Despite semi-retirement status, Sundre’s Dr. Hal Irvine had a stethoscope around his neck when he was named one of Canada’s top family doctors for 2013 by the College of Family Physicians of Canada.
He was on clinic duty on Monday at Greenwood Family Physicians Clinic when the winners were announced.
Irvine, 61, continues to do locum work for doctors who need time off. He joked that he was still figuring out what “semi-retirement” means.
“I stepped back from full-time practice at the end of June. Our plan is to spend six months of the year in Nelson, B.C., and six months of the year in Sundre,” said Irvine about he and his wife, Dianne Fisher, on Tuesday.
On Monday, 10 doctors across Canada were chosen for their outstanding patient care, significant contributions to the health and well-being of their communities, and their commitment to family medicine, teaching and research.
Award recipients are nominated by their colleagues, community leaders and the College of Family Physicians’ 10 provincial chapters.
Irvine was nominated Dr.

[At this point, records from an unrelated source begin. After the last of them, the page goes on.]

(* Let $u$ be a one-sided Sturmian sequence, with $(X_u^+,\sigma)$ its associated Sturmian system and left special sequence $l=l_1l_2\dots$, $L_n=l_1\dots l_n$. Then for each $n\ge2$ there are exactly two significant blocks of $\tilde X_u$ of length $n$, namely $0L_{n-1}=0l_1\dots l_{n-1}$ and $1L_{n-1}=1l_1\dots l_{n-1}$.
   Context: A sequence $u\in\{0,1\}^{\mathbb N}$ is Sturmian if for every $n\ge1$ exactly $n+1$ distinct blocks of length $n$ occur in $u$. $X_u^+$ is the closure of $\{\sigma^n u:n\in\mathbb N\}$, $\sigma$ the shift $(\sigma x)_i=x_{i+1}$, and $\tilde X_u=\{x\in\{0,1\}^{\mathbb Z}: x_px_{p+1}\dots\in X_u^+\ \forall p\}$ its natural extension; the languages of $u$, $X_u^+$ and $\tilde X_u$ coincide. For each $n$ there is a unique block $L_n$ of length $n$ with $0L_n$ and $1L_n$ both in the language; these are the prefixes of an infinite sequence $l$ (the left special sequence). For a block $a_{-n}\dots a_0$ in the language, $\mathrm{fol}(a_{-n}\dots a_0)=\{b_0b_1\dots\in X_u^+:\exists b\in\tilde X_u,\ b_{-n}\dots b_0=a_{-n}\dots a_0\}$. A block $a_{-n}\dots a_0$ ($n\ge1$) is significant if $\mathrm{fol}(a_{-n}\dots a_0)\subsetneq\mathrm{fol}(a_{-n+1}\dots a_0)$. *)

(* Alphabet {0,1} rendered as bool (0 = false, 1 = true). *)
From mathcomp Require Import all_boot all_order all_algebra.
Set Implicit Arguments. Unset Strict Implicit. Unset Printing Implicit Defensive.
Import GRing.Theory Num.Theory.
Local Open Scope ring_scope.

Definition occurs (u : nat -> bool) (w : seq bool) : Prop :=
  exists m : nat, w = mkseq (fun i => u (m + i)%N) (size w).

Definition sturmian (u : nat -> bool) : Prop :=
  forall n : nat, (1 <= n)%N ->
    exists s : seq (seq bool),
      [/\ uniq s, size s = n.+1 &
          forall w, w \in s <-> (size w = n /\ occurs u w)].

(* X_u^+ : closure of the orbit of u in the product topology on {0,1}^N
   (basic open sets are cylinders fixing the first k coordinates). *)
Definition Xplus (u : nat -> bool) (x : nat -> bool) : Prop :=
  forall k : nat, exists m : nat, forall i : nat, (i < k)%N -> x i = u (m + i)%N.

Definition Xtilde (u : nat -> bool) (x : int -> bool) : Prop :=
  forall p : int, Xplus u (fun i : nat => x (p + i%:Z)).

(* fol(a_{-n} ... a_0) for the block w = [a_{-n}; ...; a_0] (n = size w - 1) *)
Definition fol (u : nat -> bool) (w : seq bool) (y : nat -> bool) : Prop :=
  Xplus u y /\
  exists b : int -> bool,
    [/\ Xtilde u b,
        (forall k : nat, (k < size w)%N ->
           b (k%:Z - (size w).-1%:Z) = nth false w k) &
        (forall i : nat, b i%:Z = y i)].

Definition significant (u : nat -> bool) (w : seq bool) : Prop :=
  [/\ (2 <= size w)%N, occurs u w,
      (forall y, fol u w y -> fol u (behead w) y) &
      exists y, fol u (behead w) y /\ ~ fol u w y].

Mark Wylie, a fellow Sundre doctor.
Awards will be presented on Nov. 5 as part of Family Doctor Week in Canada at the college’s annual Family Medicine Forum being held in Vancouver this year.
Irvine said he feels both honoured and surprised to be receiving the award for just doing his job.
“I’ve always tried to do the best work I can and tried to give my patients in the community the type of service I would like to receive,” said Irvine, who will be attending the awards ceremony next week.
Irvine, an anesthesiologist, has been a family doctor in Sundre for 31 years.
He did his residency training in Ontario after studying medicine at the University of Calgary. Irvine and his wife came back to Alberta when they started having children to be close to family.
Irvine has been involved in numerous organizations such as the Alberta Medical Association and the Society of Rural Physicians of Canada. In 1988, he was president of the Alberta College of Family Physicians.
From 1995 to 2000, he served as clinical assistant professor at the University of Calgary’s department of family medicine. He was promoted to associate professor in 2000.
He was recognized as Clinician of the Year in 2002 by the David Thompson Health Region medical staff. In 2009, the Society of Rural Physicians of Canada awarded Irvine with a Fellowship of Rural and Remote Medicine.
Irvine, who grew up in Red Deer, chose to practice in Sundre to be close to family and larger urban communities while living near the mountains and working with impressive local medical staff.
When he started there was only one doctor at Sundre’s hospital and another with an office practice in town. Now there are nine local doctors.
The hospital was rated for 36 beds when he arrived.
“It was the only place in town open 24 hours a day and we were able to use the hospital as a social service. If someone was down and out and didn’t have any place to sleep for the night, we could put them up. If a single mother needed to be in a hospital and there was no one to look after her kids, she could bring her kids with them and we could make it happen.
“That flexibility is totally gone now. We’re down to 13 beds. Often we’re full here and need to be phoning around to communities like Olds, Innisfail, Didsbury, Rocky Mountain House trying to find beds for patients.”
Irvine is one of six Sundre doctors to retire or leave town in the last few years, but the town has been successful in recruiting one doctor trained in Alberta, one from South Africa and several from the United Kingdom.
“It’s almost unheard of in Alberta to recruit that many doctors to a rural community. I think it speaks well to what a great community we have here and the efforts of community members to make new doctors feel welcome.”
He said on one hand it’s nice to have good doctors coming from places like the U.K. and South Africa, but it would be nice to see Alberta become more self-sufficient.
“My take on that is the universities and the residency programs need to be socially responsible in terms of following and anticipating what the needs of the population are over the years and trying to encourage specialists to be training in the specialty programs where the needs are going to be.
“You certainly don’t want them to be training in a specialty they’re not going to be happy in. If they’re going to be unhappy doctors, they’re not going to be particularly good doctors, I don’t think. But at the same time, there can be ways to encourage people to go into, for example, rural practice.”
Irvine said his family practice in Sundre has been very rewarding.
“Young women I delivered 25, 30 years ago are now having children and I’m able to look after them and deliver their babies. That’s been a special treat for me.”
Irvine said he has gotten to know many patients quite well.
“They’re as much friends as patients.”